• [Your task]: I need the lines below from the one with "n) qint q (k - i) /\" down to the one with "m) * (n + m).-1) %/ 2)" reproduced exactly, both ends included, and nothing else.

• [Source material]:

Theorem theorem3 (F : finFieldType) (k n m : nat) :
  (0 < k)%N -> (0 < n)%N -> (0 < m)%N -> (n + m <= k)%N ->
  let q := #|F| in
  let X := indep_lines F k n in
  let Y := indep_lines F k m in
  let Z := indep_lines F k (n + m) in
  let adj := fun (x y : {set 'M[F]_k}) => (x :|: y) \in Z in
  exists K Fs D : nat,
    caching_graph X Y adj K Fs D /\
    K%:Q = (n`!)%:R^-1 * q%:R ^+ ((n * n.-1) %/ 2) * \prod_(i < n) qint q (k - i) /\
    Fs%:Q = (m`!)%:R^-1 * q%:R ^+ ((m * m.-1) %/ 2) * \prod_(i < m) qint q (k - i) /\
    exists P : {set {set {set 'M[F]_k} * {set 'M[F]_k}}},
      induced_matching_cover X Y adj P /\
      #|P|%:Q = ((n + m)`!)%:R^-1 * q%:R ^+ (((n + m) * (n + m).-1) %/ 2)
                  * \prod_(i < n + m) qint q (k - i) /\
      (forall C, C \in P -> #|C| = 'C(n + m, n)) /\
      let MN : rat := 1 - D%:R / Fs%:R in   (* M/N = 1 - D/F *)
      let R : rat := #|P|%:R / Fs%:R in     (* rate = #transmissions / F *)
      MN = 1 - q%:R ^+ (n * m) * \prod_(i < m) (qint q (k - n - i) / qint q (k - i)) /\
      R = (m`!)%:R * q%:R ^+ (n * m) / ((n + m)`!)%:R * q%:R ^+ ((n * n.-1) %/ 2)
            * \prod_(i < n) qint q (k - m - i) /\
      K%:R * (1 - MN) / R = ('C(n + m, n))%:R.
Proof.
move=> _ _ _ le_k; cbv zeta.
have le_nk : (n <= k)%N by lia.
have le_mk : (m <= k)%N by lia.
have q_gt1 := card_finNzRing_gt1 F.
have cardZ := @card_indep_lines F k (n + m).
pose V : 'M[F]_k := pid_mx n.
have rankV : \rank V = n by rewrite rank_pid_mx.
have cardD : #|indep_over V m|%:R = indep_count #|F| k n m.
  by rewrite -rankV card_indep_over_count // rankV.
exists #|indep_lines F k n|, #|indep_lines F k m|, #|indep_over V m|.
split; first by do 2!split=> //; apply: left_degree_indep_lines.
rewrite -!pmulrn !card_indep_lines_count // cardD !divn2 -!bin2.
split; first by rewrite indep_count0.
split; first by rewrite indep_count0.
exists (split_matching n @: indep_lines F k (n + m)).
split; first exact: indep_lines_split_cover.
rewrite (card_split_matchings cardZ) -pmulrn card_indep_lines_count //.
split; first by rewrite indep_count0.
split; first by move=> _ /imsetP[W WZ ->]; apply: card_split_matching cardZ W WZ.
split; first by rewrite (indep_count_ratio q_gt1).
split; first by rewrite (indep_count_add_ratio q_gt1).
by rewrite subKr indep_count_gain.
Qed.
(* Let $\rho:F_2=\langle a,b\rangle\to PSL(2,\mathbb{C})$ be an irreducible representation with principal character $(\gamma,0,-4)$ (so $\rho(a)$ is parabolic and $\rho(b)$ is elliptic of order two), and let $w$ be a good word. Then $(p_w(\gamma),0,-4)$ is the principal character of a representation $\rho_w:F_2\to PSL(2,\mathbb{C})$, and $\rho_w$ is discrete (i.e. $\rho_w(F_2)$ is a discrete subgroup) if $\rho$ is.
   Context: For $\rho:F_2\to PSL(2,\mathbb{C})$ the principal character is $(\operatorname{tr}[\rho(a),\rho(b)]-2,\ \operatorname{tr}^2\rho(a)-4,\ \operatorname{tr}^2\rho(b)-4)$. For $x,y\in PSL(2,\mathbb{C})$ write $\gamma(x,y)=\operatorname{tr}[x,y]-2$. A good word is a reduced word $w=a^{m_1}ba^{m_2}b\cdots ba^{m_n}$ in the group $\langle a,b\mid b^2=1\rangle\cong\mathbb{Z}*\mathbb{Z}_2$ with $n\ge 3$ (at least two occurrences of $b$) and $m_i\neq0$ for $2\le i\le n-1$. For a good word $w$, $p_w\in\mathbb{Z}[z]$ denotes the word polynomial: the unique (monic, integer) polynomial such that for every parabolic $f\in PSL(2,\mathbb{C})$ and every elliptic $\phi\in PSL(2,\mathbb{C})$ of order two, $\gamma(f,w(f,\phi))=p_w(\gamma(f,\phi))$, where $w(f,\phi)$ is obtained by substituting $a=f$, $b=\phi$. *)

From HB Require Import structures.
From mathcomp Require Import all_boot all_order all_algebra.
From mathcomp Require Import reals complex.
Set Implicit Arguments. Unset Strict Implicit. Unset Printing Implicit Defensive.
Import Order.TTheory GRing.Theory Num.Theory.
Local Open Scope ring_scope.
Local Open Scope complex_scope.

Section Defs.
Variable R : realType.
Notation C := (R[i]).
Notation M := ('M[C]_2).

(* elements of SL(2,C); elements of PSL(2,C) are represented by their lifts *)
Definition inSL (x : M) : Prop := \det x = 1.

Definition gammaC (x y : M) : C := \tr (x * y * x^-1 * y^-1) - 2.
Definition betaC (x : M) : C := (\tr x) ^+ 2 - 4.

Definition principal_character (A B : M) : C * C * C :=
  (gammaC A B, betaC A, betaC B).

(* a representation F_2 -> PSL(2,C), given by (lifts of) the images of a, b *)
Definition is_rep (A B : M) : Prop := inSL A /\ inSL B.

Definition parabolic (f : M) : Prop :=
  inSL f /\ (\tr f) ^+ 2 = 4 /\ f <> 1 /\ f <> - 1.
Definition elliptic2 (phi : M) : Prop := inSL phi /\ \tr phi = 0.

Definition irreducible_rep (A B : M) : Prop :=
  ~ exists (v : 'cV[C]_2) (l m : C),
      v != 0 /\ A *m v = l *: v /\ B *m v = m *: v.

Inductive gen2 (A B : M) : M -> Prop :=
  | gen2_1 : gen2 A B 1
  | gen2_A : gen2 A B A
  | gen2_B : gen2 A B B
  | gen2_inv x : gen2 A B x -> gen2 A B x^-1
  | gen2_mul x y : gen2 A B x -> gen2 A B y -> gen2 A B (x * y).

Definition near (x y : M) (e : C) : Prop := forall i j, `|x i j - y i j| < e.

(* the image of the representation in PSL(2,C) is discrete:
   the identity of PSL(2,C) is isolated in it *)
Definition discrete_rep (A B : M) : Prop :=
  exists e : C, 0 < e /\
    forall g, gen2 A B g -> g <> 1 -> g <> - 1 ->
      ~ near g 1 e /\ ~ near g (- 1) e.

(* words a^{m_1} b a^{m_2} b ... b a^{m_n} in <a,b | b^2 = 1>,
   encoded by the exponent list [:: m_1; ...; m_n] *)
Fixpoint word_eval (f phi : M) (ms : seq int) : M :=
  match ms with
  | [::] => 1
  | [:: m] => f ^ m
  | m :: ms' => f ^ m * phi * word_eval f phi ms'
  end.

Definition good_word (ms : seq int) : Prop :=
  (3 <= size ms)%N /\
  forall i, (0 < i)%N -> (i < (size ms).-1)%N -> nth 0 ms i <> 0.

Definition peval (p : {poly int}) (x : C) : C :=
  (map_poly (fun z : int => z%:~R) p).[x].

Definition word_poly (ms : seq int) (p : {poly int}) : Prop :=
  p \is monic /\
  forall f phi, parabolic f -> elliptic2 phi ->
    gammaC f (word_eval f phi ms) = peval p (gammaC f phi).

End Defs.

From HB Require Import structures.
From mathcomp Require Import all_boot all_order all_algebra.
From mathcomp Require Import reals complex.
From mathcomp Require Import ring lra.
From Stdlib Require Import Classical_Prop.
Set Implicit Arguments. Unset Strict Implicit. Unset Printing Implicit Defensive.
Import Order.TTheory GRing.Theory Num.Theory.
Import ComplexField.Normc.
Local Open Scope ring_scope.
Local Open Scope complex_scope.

• [Output for this task]:
    K%:Q = (n`!)%:R^-1 * q%:R ^+ ((n * n.-1) %/ 2) * \prod_(i < n) qint q (k - i) /\
    Fs%:Q = (m`!)%:R^-1 * q%:R ^+ ((m * m.-1) %/ 2) * \prod_(i < m) qint q (k - i) /\
    exists P : {set {set {set 'M[F]_k} * {set 'M[F]_k}}},
      induced_matching_cover X Y adj P /\
      #|P|%:Q = ((n + m)`!)%:R^-1 * q%:R ^+ (((n + m) * (n + m).-1) %/ 2)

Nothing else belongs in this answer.